(* Let $d\ge2$, $0<\eta\le\frac{1}{2d}$ and $\gamma=\eta d$, and consider one round $t$ of the Bandit-PCA Online Mirror Descent algorithm with sparse sampling, where $\boldsymbol{W}_t$ is a positive definite density matrix and $\boldsymbol{L}_t$ is symmetric with spectral norm at most $1$. Then $\boldsymbol{W}_t^{-1}+\eta\widetilde{\boldsymbol{L}}_t$ is positive definite and, with $\widetilde{\boldsymbol{W}}_{t+1}=(\boldsymbol{W}_t^{-1}+\eta\widetilde{\boldsymbol{L}}_t)^{-1}$, \[ \mathbb{E}_t\big[\langle\boldsymbol{W}_t-\widetilde{\boldsymbol{W}}_{t+1},\widetilde{\boldsymbol{L}}_t\rangle\big]\le8\eta d\,\|\boldsymbol{L}_t\|_F^2, \] where $\mathbb{E}_t$ is expectation over the round-$t$ sampling randomness given $\boldsymbol{W}_t$ and $\boldsymbol{L}_t$.
   Context: Notation: $\langle \boldsymbol{A},\boldsymbol{B}\rangle=\mathrm{tr}(\boldsymbol{A}^\top \boldsymbol{B})$; $\|\cdot\|_F$ Frobenius norm; a density matrix is a symmetric positive semidefinite matrix of trace $1$. Sparse sampling at round $t$: write $\boldsymbol{W}_t=\sum_i\mu_i\boldsymbol{u}_i\boldsymbol{u}_i^\top$ (eigendecomposition, orthonormal $\boldsymbol{u}_i$) and $\lambda_i=(1-\gamma)\mu_i+\gamma/d$. Draw $I,J$ independently with $\Pr(I=i)=\Pr(J=i)=\lambda_i$. If $I=J$: $\boldsymbol{w}_t=\boldsymbol{u}_I$ and $\widetilde{\boldsymbol{L}}_t=(\ell_t/\lambda_I^2)\boldsymbol{u}_I\boldsymbol{u}_I^\top$. If $I\ne J$: draw a uniform sign $s\in\{-1,1\}$, $\boldsymbol{w}_t=(\boldsymbol{u}_I+s\boldsymbol{u}_J)/\sqrt2$ and $\widetilde{\boldsymbol{L}}_t=\frac{s\ell_t}{2\lambda_I\lambda_J}(\boldsymbol{u}_I\boldsymbol{u}_J^\top+\boldsymbol{u}_J\boldsymbol{u}_I^\top)$. Here $\ell_t=\boldsymbol{w}_t^\top\boldsymbol{L}_t\boldsymbol{w}_t$. *)

(* matrices over a real closed field (algebraic stand-in for R). *)
From HB Require Import structures.
From mathcomp Require Import all_boot all_order all_algebra.
Set Implicit Arguments. Unset Strict Implicit. Unset Printing Implicit Defensive.
Import Order.TTheory GRing.Theory Num.Theory.
Local Open Scope ring_scope.

Section BanditPCA.
Variable R : rcfType.
Variable n : nat.

Definition posdef (A : 'M[R]_n) : Prop :=
  A^T = A /\ forall v : 'cV[R]_n, v != 0 -> 0 < (v^T *m A *m v) 0 0.

Definition density (A : 'M[R]_n) : Prop :=
  A^T = A /\ (forall v : 'cV[R]_n, 0 <= (v^T *m A *m v) 0 0) /\ \tr A = 1.

Definition frob_inner (A B : 'M[R]_n) : R := \tr (A^T *m B).

Definition frob_norm2 (A : 'M[R]_n) : R := \sum_(i < n) \sum_(j < n) A i j ^+ 2.

Definition spec_norm_le1 (A : 'M[R]_n) : Prop :=
  forall v : 'cV[R]_n, ((A *m v)^T *m (A *m v)) 0 0 <= (v^T *m v) 0 0.

(* Sparse sampling, given eigenvectors (columns of U) and eigenvalues mu of W_t *)
Definition ucol (U : 'M[R]_n) (i : 'I_n) : 'cV[R]_n := col i U.

Definition lam (mu : 'I_n -> R) (eta : R) (i : 'I_n) : R :=
  let gamma := eta * n%:R in (1 - gamma) * mu i + gamma / n%:R.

_ _ _

** EXERCISE AIM **
Repeat the data word for word, leaving out no line.

** WORKED SOLUTION **
(* Let $d\ge2$, $0<\eta\le\frac{1}{2d}$ and $\gamma=\eta d$, and consider one round $t$ of the Bandit-PCA Online Mirror Descent algorithm with sparse sampling, where $\boldsymbol{W}_t$ is a positive definite density matrix and $\boldsymbol{L}_t$ is symmetric with spectral norm at most $1$. Then $\boldsymbol{W}_t^{-1}+\eta\widetilde{\boldsymbol{L}}_t$ is positive definite and, with $\widetilde{\boldsymbol{W}}_{t+1}=(\boldsymbol{W}_t^{-1}+\eta\widetilde{\boldsymbol{L}}_t)^{-1}$, \[ \mathbb{E}_t\big[\langle\boldsymbol{W}_t-\widetilde{\boldsymbol{W}}_{t+1},\widetilde{\boldsymbol{L}}_t\rangle\big]\le8\eta d\,\|\boldsymbol{L}_t\|_F^2, \] where $\mathbb{E}_t$ is expectation over the round-$t$ sampling randomness given $\boldsymbol{W}_t$ and $\boldsymbol{L}_t$.
   Context: Notation: $\langle \boldsymbol{A},\boldsymbol{B}\rangle=\mathrm{tr}(\boldsymbol{A}^\top \boldsymbol{B})$; $\|\cdot\|_F$ Frobenius norm; a density matrix is a symmetric positive semidefinite matrix of trace $1$. Sparse sampling at round $t$: write $\boldsymbol{W}_t=\sum_i\mu_i\boldsymbol{u}_i\boldsymbol{u}_i^\top$ (eigendecomposition, orthonormal $\boldsymbol{u}_i$) and $\lambda_i=(1-\gamma)\mu_i+\gamma/d$. Draw $I,J$ independently with $\Pr(I=i)=\Pr(J=i)=\lambda_i$. If $I=J$: $\boldsymbol{w}_t=\boldsymbol{u}_I$ and $\widetilde{\boldsymbol{L}}_t=(\ell_t/\lambda_I^2)\boldsymbol{u}_I\boldsymbol{u}_I^\top$. If $I\ne J$: draw a uniform sign $s\in\{-1,1\}$, $\boldsymbol{w}_t=(\boldsymbol{u}_I+s\boldsymbol{u}_J)/\sqrt2$ and $\widetilde{\boldsymbol{L}}_t=\frac{s\ell_t}{2\lambda_I\lambda_J}(\boldsymbol{u}_I\boldsymbol{u}_J^\top+\boldsymbol{u}_J\boldsymbol{u}_I^\top)$. Here $\ell_t=\boldsymbol{w}_t^\top\boldsymbol{L}_t\boldsymbol{w}_t$. *)

(* matrices over a real closed field (algebraic stand-in for R). *)
From HB Require Import structures.
From mathcomp Require Import all_boot all_order all_algebra.
Set Implicit Arguments. Unset Strict Implicit. Unset Printing Implicit Defensive.
Import Order.TTheory GRing.Theory Num.Theory.
Local Open Scope ring_scope.

Section BanditPCA.
Variable R : rcfType.
Variable n : nat.

Definition posdef (A : 'M[R]_n) : Prop :=
  A^T = A /\ forall v : 'cV[R]_n, v != 0 -> 0 < (v^T *m A *m v) 0 0.

Definition density (A : 'M[R]_n) : Prop :=
  A^T = A /\ (forall v : 'cV[R]_n, 0 <= (v^T *m A *m v) 0 0) /\ \tr A = 1.

Definition frob_inner (A B : 'M[R]_n) : R := \tr (A^T *m B).

Definition frob_norm2 (A : 'M[R]_n) : R := \sum_(i < n) \sum_(j < n) A i j ^+ 2.

Definition spec_norm_le1 (A : 'M[R]_n) : Prop :=
  forall v : 'cV[R]_n, ((A *m v)^T *m (A *m v)) 0 0 <= (v^T *m v) 0 0.

(* Sparse sampling, given eigenvectors (columns of U) and eigenvalues mu of W_t *)
Definition ucol (U : 'M[R]_n) (i : 'I_n) : 'cV[R]_n := col i U.

Definition lam (mu : 'I_n -> R) (eta : R) (i : 'I_n) : R :=
  let gamma := eta * n%:R in (1 - gamma) * mu i + gamma / n%:R.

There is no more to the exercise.